Entries supplied
(* Let $\mathbb{K}$ be a non-Archimedean valued field and let $G$ be a discrete group. Then $G$ is normed $\mathbb{K}$-amenable if and only if $H^n_b(G, E) = 0$ for every dual normed $\mathbb{K}[G]$-module $E$ and all $n \geq 1$.
   Context: A non-Archimedean valued field is a field $\mathbb{K}$ with a map $|\cdot|_\mathbb{K}:\mathbb{K}\to\mathbb{R}_{\ge 0}$ with $|x|_\mathbb{K}=0$ iff $x=0$, $|x+y|_\mathbb{K}\le\max\{|x|_\mathbb{K},|y|_\mathbb{K}\}$, $|xy|_\mathbb{K}=|x|_\mathbb{K}|y|_\mathbb{K}$ (not assumed complete). A normed $\mathbb{K}$-vector space is a $\mathbb{K}$-vector space $E$ with a norm $\|\cdot\|$ satisfying $\|x\|=0$ iff $x=0$, the ultrametric inequality $\|x+y\|\le\max\{\|x\|,\|y\|\}$, and $\|\alpha x\|=|\alpha|_\mathbb{K}\|x\|$ (the norm need not take values in $|\mathbb{K}|_\mathbb{K}$). A normed $\mathbb{K}[G]$-module is a normed $\mathbb{K}$-vector space on which $G$ acts by linear isometries (no continuity required). For normed spaces, the topological dual $E^*$ carries the operator norm $\|T\|_{op}=\inf\{C\ge 0: |Tx|_\mathbb{K}\le C\|x\|\ \forall x\}$, and if $E$ is a normed $\mathbb{K}[G]$-module, $E^*$ is one with $(g\cdot\lambda)(x)=\lambda(g^{-1}x)$. A dual normed $\mathbb{K}[G]$-module is one isometrically $G$-isomorphic to the dual of a normed $\mathbb{K}[G]$-module. For a discrete group $G$ and normed $\mathbb{K}[G]$-module $E$, let $C^n_b(G,E)$ be the space of bounded maps $G^{n+1}\to E$, with $G$-action $(g\cdot f)(g_0,\dots,g_n)=g\cdot f(g^{-1}g_0,\dots,g^{-1}g_n)$ and coboundary $\delta^n f(g_0,\dots,g_{n+1})=\sum_{i=0}^{n+1}(-1)^i f(g_0,\dots,\widehat{g_i},\dots,g_{n+1})$. The bounded cohomology $H^\bullet_b(G,E)$ is the cohomology of the subcomplex of $G$-invariants $C^\bullet_b(G,E)^G$. For a group $G$ (here discrete), $C_b(G,\mathbb{K})$ denotes bounded (continuous) functions $G\to\mathbb{K}$ with the sup norm, with $G$ acting by $(g\cdot f)(x)=f(g^{-1}x)$. A normed $\mathbb{K}$-mean on $G$ is a bounded linear map $m:C_b(G,\mathbb{K})\to\mathbb{K}$ with $m(\mathbbm{1}_G)=1$; it is left-invariant if $m(g\cdot f)=m(f)$ for all $g,f$. $G$ is normed $\mathbb{K}$-amenable if it admits a left-invariant normed $\mathbb{K}$-mean. *)

From HB Require Import structures.
From mathcomp Require Import all_boot all_order all_algebra.
From mathcomp Require Import boolp classical_sets reals.
Set Implicit Arguments. Unset Strict Implicit. Unset Printing Implicit Defensive.
Import Order.TTheory GRing.Theory Num.Theory.
Local Open Scope ring_scope.
Local Open Scope classical_set_scope.
Lemma RV_minus1_dilation (h : R -> R) (lam : R) :
  RV_infty (-1) h -> 0 < lam ->
  eventually (fun t => h t / 2 <= lam * h (lam * t) <= 2 * h t).
Proof.
  intros [[x0 Hpos] Hlim] Hlam.
  assert (Hpow : Rpower lam (-1) = / lam).
  { replace (-1) with (- (1)) by ring. rewrite Rpower_Ropp, Rpower_1; auto. }
  assert (Heps : 0 < / (2 * lam)) by (apply Rinv_0_lt_compat; lra).
  specialize (Hlim lam Hlam _ Heps). rewrite Hpow in Hlim.
  apply (eventually_mono (fun t => x0 < t /\
           Rabs (h (lam * t) / h t - / lam) < / (2 * lam))).
  - intros t [Ht Hclose]. apply Rabs_def2 in Hclose.
    pose proof (Hpos t Ht) as Hht.
    set (r := h (lam * t) / h t) in *.
    assert (Hr : h (lam * t) = r * h t) by (unfold r; field; lra).
    assert (Hlr : / 2 < lam * r < 3 / 2).
    { replace (/ (2 * lam)) with (/ 2 * / lam) in Hclose by (field; lra).
      assert (lam * / lam = 1) by (field; lra). nra. }
    rewrite Hr. nra.
  - apply eventually_and; [apply eventually_gt | exact Hlim].
Qed.

Section RVRate.
(* G is positive and decreasing with -G' = h, where h is continuous, positive
   and in RV(-1); the derivative relation enters only through the two
   integrated (mean value) estimates [G_drop_ge] and [G_drop_le]. *)
Variables G h : R -> R.
Hypothesis G_pos : forall t, 0 < t -> 0 < G t.
Hypothesis h_pos : forall t, 0 < t -> 0 < h t.
Hypothesis h_cont : forall t, 0 < t -> continuity_pt h t.
Hypothesis h_RV : RV_infty (-1) h.
Hypothesis G_drop_ge : forall s1 s2 m, 0 < s1 <= s2 ->
  (forall s, s1 <= s <= s2 -> m <= h s) -> m * (s2 - s1) <= G s1 - G s2.
Hypothesis G_drop_le : forall s1 s2 M, 0 < s1 <= s2 ->
  (forall s, s1 <= s <= s2 -> h s <= M) -> G s1 - G s2 <= M * (s2 - s1).

(* Taking m = 0 in [G_drop_ge]: G is nonincreasing. *)
Lemma G_decr (s t : R) : 0 < s <= t -> G t <= G s.
Proof.
  intros Hst. assert (H0 : 0 * (t - s) <= G s - G t).
  { apply G_drop_ge; [exact Hst|]. intros u Hu. left. apply h_pos. lra. }
  lra.
Qed.
Section integral_comparison.
Context d (T : measurableType d) (R : realType).
Local Open Scope ereal_scope.
Implicit Types (a b : {finite_measure set T -> \bar R}) (f : T -> \bar R).

(* With the Jordan decomposition a - b = jp - jn, where jp is carried by the
   positive set P, we have a + jn = b + jp and jp(T) = a P - b P. *)
Lemma Hahn_le_integral a b f : measurable_fun setT f ->
  (forall x, 0 <= f x <= 1) ->
  exists2 P, measurable P & \int[a]_x f x <= \int[b]_x f x + (a P - b P).
Proof.
move=> mf f01; have f0 x : [set: T] x -> 0 <= f x by case/andP: (f01 x).
pose ab := cadd (charge_of_finite_measure a)
  (cscale (-1) (charge_of_finite_measure b)).
have [P [N PN]] := Hahn_decomposition ab.
have mP : measurable P by case: PN => -[].
exists P => //.
pose jp := jordan_pos PN; pose jn := jordan_neg PN.
have a_jn_b_jp A : measurable A -> measure_add a jn A = measure_add b jp A.
  move=> mA; rewrite !measure_addE; change (a A + jn A = b A + jp A).
  have : a A + (-1)%:E * b A = jp A + (-1)%:E * jn A := jordan_decomp PN mA.
  have jpA : jp A \is a fin_num by exact: fin_num_measure.
  have jnA : jn A \is a fin_num by exact: fin_num_measure.
  move: (fin_num_measure a A mA) (fin_num_measure b A mA) jpA jnA; rewrite !mulN1e.
  move: (a A) (b A) (jp A) (jn A) => [x| |] [y| |] [z| |] [w| |] // _ _ _ _.
  by rewrite -!EFinB -!EFinD => -[xyzw]; congr EFin; lra.
have jpT : jp setT = a P - b P.
  by rewrite /jp jordan_posE cjordan_posE /crestr0 mem_set //= /crestr setTI
    /ab /cadd /= /cscale /= mulN1e.
have int_jp : \int[jp]_x f x <= a P - b P.
  rewrite -jpT -[jp setT]mul1e -integral_cst //.
  by apply: ge0_le_integral => // x _; case/andP: (f01 x).
apply: (@le_trans _ _ (\int[a]_x f x + \int[jn]_x f x)).
  by rewrite leeDl // integral_ge0.
rewrite -!ge0_integral_measure_add // (eq_measure_integral (measure_add b jp)).
  by rewrite ge0_integral_measure_add // leeD2l.
by move=> A mA _; exact: a_jn_b_jp.
Qed.

Lemma le_integral_add_tv_dist a b f : measurable_fun setT f ->
  (forall x, 0 <= f x <= 1) ->
  \int[a]_x f x <= \int[b]_x f x + tv_dist a b.
Proof.
move=> mf f01; have [P mP] := Hahn_le_integral a b mf f01.
move/le_trans; apply; rewrite leeD2l //.
exact: le_trans (lee_abs _) (le_tv_dist a b mP).
Qed.

Lemma integrable_unit_valued a f : measurable_fun setT f ->
  (forall x, 0 <= f x <= 1) -> a.-integrable setT f.
Proof.
move=> mf f01.
apply: (le_integrable _ mf _ (finite_measure_integrable_cst a 1 _)) => //.
move=> x _; case/andP: (f01 x) => f0 f1.
by rewrite gee0_abs //= normr1.
Qed.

Prompt
Give back exactly the lines of the listing above that run from the line with "(cscale (-1) (charge_of_finite_measure b))." to the line with "Lemma le_integral_add_tv_dist a", inclusive.

Task answer
  (cscale (-1) (charge_of_finite_measure b)).
have [P [N PN]] := Hahn_decomposition ab.
have mP : measurable P by case: PN => -[].
exists P => //.
pose jp := jordan_pos PN; pose jn := jordan_neg PN.
have a_jn_b_jp A : measurable A -> measure_add a jn A = measure_add b jp A.
  move=> mA; rewrite !measure_addE; change (a A + jn A = b A + jp A).
  have : a A + (-1)%:E * b A = jp A + (-1)%:E * jn A := jordan_decomp PN mA.
  have jpA : jp A \is a fin_num by exact: fin_num_measure.
  have jnA : jn A \is a fin_num by exact: fin_num_measure.
  move: (fin_num_measure a A mA) (fin_num_measure b A mA) jpA jnA; rewrite !mulN1e.
  move: (a A) (b A) (jp A) (jn A) => [x| |] [y| |] [z| |] [w| |] // _ _ _ _.
  by rewrite -!EFinB -!EFinD => -[xyzw]; congr EFin; lra.
have jpT : jp setT = a P - b P.
  by rewrite /jp jordan_posE cjordan_posE /crestr0 mem_set //= /crestr setTI
    /ab /cadd /= /cscale /= mulN1e.
have int_jp : \int[jp]_x f x <= a P - b P.
  rewrite -jpT -[jp setT]mul1e -integral_cst //.
  by apply: ge0_le_integral => // x _; case/andP: (f01 x).
apply: (@le_trans _ _ (\int[a]_x f x + \int[jn]_x f x)).
  by rewrite leeDl // integral_ge0.
rewrite -!ge0_integral_measure_add // (eq_measure_integral (measure_add b jp)).
  by rewrite ge0_integral_measure_add // leeD2l.
by move=> A mA _; exact: a_jn_b_jp.
Qed.

Lemma le_integral_add_tv_dist a b f : measurable_fun setT f ->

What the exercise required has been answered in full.